WHAT YOU HAVE TO DO
Pull out of the data below the stretch of lines bounded by the one containing "apply/subsetP => w; rewrite !inE => /eqP" and the one containing "[//|_]; exact: doneI.", both bounds included, unchanged.

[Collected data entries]
-=-=-

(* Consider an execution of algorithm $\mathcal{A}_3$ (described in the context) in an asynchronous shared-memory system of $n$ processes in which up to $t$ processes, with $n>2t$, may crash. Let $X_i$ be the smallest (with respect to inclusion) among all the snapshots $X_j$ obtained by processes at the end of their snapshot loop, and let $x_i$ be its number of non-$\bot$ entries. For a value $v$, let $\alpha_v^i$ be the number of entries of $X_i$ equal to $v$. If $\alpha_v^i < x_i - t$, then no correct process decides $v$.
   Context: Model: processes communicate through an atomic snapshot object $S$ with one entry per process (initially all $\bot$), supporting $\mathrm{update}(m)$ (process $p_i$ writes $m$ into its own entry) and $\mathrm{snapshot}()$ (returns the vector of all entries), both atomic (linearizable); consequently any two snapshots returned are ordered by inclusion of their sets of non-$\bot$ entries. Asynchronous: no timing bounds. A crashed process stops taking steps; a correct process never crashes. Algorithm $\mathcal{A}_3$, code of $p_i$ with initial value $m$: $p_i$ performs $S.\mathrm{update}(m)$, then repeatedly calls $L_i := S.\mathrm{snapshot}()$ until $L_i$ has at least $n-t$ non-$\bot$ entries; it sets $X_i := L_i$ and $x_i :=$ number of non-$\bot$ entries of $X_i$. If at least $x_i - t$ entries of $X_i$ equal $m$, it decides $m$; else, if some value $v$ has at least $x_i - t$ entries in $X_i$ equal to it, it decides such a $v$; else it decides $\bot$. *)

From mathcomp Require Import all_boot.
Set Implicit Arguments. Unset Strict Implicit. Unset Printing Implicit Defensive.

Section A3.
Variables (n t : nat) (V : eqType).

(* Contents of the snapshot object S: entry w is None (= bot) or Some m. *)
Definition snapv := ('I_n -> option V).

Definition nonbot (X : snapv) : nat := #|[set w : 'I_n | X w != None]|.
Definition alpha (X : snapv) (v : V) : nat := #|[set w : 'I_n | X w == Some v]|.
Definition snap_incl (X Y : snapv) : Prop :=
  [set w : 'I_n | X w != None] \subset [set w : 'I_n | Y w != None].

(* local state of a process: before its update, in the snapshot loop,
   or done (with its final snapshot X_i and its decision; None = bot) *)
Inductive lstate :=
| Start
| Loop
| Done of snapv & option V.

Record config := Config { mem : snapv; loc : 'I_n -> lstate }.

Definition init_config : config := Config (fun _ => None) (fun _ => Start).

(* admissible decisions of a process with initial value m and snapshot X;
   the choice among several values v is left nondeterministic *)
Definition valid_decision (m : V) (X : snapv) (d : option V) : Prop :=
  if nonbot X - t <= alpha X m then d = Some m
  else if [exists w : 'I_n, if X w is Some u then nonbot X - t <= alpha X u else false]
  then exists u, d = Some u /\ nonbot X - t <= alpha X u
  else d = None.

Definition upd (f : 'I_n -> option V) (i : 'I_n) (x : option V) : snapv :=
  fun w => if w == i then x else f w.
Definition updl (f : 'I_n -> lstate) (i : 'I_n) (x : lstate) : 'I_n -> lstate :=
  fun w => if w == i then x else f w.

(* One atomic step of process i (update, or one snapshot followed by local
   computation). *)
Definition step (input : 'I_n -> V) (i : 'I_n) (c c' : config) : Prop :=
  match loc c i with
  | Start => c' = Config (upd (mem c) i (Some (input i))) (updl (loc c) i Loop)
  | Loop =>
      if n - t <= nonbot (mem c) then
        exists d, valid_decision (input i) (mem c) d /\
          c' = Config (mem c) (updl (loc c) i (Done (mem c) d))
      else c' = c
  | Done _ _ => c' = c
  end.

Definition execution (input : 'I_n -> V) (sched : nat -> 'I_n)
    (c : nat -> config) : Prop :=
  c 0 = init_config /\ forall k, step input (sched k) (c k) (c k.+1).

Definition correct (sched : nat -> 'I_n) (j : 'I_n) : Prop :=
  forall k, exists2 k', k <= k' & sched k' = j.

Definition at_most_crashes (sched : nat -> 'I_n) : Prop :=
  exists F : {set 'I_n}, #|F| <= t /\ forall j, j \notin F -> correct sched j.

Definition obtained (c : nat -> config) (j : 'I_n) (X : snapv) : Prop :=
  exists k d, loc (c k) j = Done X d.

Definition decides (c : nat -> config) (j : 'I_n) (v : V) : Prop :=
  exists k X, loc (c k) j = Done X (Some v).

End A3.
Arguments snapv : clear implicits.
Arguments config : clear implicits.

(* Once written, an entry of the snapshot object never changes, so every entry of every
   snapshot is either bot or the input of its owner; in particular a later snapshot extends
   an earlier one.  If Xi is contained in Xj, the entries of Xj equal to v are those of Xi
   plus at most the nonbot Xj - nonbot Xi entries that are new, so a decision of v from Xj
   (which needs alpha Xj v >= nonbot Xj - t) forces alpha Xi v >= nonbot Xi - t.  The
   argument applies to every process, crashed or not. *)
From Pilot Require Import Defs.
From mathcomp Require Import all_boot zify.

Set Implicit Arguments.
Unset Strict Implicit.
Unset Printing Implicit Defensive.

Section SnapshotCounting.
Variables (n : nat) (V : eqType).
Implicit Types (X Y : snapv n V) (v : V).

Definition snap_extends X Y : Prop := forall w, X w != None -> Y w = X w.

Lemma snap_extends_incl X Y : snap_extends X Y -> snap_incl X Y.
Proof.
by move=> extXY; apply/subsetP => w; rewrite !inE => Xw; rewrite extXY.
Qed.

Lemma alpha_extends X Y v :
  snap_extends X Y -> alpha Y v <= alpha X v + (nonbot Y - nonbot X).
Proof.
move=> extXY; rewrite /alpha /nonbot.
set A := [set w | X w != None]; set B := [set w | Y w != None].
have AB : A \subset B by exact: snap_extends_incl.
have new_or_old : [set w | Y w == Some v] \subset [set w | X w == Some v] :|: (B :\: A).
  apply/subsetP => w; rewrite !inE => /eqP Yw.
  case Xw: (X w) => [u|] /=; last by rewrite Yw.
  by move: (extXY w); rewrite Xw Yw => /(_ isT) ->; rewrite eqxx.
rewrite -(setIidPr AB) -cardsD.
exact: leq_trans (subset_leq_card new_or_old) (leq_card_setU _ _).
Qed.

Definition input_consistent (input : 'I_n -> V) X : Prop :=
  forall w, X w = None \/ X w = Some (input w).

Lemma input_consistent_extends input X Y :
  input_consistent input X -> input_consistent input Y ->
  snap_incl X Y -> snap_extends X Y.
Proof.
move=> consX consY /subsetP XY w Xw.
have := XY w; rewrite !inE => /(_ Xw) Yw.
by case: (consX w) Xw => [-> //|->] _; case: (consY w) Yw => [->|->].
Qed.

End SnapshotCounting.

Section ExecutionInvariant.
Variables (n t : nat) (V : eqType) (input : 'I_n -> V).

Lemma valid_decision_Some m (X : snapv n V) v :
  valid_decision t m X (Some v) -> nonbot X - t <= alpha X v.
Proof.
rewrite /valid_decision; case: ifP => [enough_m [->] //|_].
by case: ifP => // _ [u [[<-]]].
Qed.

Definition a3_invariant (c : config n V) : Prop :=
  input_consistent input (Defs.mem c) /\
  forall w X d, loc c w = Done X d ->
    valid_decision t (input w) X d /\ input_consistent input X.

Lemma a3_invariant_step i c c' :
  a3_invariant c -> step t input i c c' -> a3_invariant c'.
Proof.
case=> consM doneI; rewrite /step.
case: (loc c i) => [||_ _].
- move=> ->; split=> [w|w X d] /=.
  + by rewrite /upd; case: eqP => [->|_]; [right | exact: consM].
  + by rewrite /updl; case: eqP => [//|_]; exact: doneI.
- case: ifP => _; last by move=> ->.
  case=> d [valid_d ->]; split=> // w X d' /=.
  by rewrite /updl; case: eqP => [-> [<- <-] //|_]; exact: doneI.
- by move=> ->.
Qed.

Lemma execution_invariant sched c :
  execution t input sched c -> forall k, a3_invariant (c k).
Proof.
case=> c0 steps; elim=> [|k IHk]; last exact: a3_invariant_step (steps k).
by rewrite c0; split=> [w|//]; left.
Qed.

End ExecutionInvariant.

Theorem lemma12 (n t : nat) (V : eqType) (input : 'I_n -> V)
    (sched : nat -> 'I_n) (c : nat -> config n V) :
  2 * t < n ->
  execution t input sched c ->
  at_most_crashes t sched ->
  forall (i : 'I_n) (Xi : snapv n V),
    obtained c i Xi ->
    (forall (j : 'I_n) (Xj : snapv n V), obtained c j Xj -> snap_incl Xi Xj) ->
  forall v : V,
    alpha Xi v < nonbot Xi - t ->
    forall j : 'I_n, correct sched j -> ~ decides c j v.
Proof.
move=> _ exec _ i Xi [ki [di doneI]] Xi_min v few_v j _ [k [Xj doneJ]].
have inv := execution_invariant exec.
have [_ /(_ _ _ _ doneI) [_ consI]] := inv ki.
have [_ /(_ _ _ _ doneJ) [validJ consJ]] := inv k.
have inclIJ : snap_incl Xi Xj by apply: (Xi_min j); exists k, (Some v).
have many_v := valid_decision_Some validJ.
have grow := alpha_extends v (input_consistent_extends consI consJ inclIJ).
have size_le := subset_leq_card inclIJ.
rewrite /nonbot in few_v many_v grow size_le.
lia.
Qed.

-=-=-

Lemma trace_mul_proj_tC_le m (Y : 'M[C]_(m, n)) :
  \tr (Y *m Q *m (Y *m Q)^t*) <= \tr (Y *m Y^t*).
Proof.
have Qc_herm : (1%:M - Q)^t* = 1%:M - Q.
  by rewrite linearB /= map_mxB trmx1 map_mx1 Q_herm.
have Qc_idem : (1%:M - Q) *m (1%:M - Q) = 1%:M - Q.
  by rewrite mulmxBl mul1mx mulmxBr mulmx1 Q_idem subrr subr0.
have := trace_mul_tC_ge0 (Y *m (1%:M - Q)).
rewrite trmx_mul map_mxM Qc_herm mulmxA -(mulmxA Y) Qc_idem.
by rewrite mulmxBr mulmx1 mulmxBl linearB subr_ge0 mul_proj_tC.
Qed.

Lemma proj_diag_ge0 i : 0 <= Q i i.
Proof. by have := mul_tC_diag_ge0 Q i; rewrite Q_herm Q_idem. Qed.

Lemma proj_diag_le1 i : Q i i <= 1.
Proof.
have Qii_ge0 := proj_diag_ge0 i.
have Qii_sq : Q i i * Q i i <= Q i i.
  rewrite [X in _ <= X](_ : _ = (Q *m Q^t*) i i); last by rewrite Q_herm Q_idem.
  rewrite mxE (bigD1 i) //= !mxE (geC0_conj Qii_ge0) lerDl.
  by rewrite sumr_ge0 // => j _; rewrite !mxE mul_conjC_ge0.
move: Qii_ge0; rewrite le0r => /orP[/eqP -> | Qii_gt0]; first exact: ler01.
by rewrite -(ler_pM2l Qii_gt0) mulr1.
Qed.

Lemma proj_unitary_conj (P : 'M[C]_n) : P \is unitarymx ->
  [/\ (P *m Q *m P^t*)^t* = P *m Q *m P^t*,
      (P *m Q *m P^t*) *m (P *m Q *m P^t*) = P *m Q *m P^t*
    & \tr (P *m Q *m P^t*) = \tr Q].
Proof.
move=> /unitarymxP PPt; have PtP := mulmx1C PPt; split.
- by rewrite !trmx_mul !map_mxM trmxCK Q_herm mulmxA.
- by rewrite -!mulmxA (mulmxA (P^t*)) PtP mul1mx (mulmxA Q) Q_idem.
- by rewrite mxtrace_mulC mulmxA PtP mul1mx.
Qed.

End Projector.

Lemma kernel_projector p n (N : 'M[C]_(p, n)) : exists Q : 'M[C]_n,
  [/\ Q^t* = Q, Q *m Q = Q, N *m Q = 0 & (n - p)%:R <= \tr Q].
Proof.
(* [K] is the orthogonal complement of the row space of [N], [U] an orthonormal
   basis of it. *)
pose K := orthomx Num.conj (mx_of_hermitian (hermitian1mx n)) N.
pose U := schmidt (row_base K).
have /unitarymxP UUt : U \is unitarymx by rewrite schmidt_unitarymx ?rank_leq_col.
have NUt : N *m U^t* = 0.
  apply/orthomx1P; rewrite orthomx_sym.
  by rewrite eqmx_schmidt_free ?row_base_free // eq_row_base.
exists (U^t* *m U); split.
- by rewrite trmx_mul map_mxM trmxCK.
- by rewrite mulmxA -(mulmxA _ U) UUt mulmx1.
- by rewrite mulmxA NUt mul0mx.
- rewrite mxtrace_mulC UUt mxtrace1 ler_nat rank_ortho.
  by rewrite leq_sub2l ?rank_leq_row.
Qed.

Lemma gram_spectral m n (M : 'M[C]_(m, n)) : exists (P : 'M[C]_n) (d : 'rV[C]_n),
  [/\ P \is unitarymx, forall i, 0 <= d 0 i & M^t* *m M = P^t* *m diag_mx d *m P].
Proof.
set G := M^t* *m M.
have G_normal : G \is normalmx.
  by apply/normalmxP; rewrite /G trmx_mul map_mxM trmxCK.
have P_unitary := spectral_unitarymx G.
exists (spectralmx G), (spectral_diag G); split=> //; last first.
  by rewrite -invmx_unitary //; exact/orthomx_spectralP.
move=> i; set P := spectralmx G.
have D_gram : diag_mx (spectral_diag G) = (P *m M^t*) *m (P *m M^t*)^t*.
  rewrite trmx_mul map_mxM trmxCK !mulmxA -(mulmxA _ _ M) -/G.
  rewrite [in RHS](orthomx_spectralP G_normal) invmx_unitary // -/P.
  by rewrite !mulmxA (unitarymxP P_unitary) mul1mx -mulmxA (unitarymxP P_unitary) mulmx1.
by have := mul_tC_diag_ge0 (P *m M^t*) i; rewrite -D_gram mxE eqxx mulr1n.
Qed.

-=-=-

ANSWER BELOW
  apply/subsetP => w; rewrite !inE => /eqP Yw.
  case Xw: (X w) => [u|] /=; last by rewrite Yw.
  by move: (extXY w); rewrite Xw Yw => /(_ isT) ->; rewrite eqxx.
rewrite -(setIidPr AB) -cardsD.
exact: leq_trans (subset_leq_card new_or_old) (leq_card_setU _ _).
Qed.

Definition input_consistent (input : 'I_n -> V) X : Prop :=
  forall w, X w = None \/ X w = Some (input w).

Lemma input_consistent_extends input X Y :
  input_consistent input X -> input_consistent input Y ->
  snap_incl X Y -> snap_extends X Y.
Proof.
move=> consX consY /subsetP XY w Xw.
have := XY w; rewrite !inE => /(_ Xw) Yw.
by case: (consX w) Xw => [-> //|->] _; case: (consY w) Yw => [->|->].
Qed.

End SnapshotCounting.

Section ExecutionInvariant.
Variables (n t : nat) (V : eqType) (input : 'I_n -> V).

Lemma valid_decision_Some m (X : snapv n V) v :
  valid_decision t m X (Some v) -> nonbot X - t <= alpha X v.
Proof.
rewrite /valid_decision; case: ifP => [enough_m [->] //|_].
by case: ifP => // _ [u [[<-]]].
Qed.

Definition a3_invariant (c : config n V) : Prop :=
  input_consistent input (Defs.mem c) /\
  forall w X d, loc c w = Done X d ->
    valid_decision t (input w) X d /\ input_consistent input X.

Lemma a3_invariant_step i c c' :
  a3_invariant c -> step t input i c c' -> a3_invariant c'.
Proof.
case=> consM doneI; rewrite /step.
case: (loc c i) => [||_ _].
- move=> ->; split=> [w|w X d] /=.
  + by rewrite /upd; case: eqP => [->|_]; [right | exact: consM].
  + by rewrite /updl; case: eqP => [//|_]; exact: doneI.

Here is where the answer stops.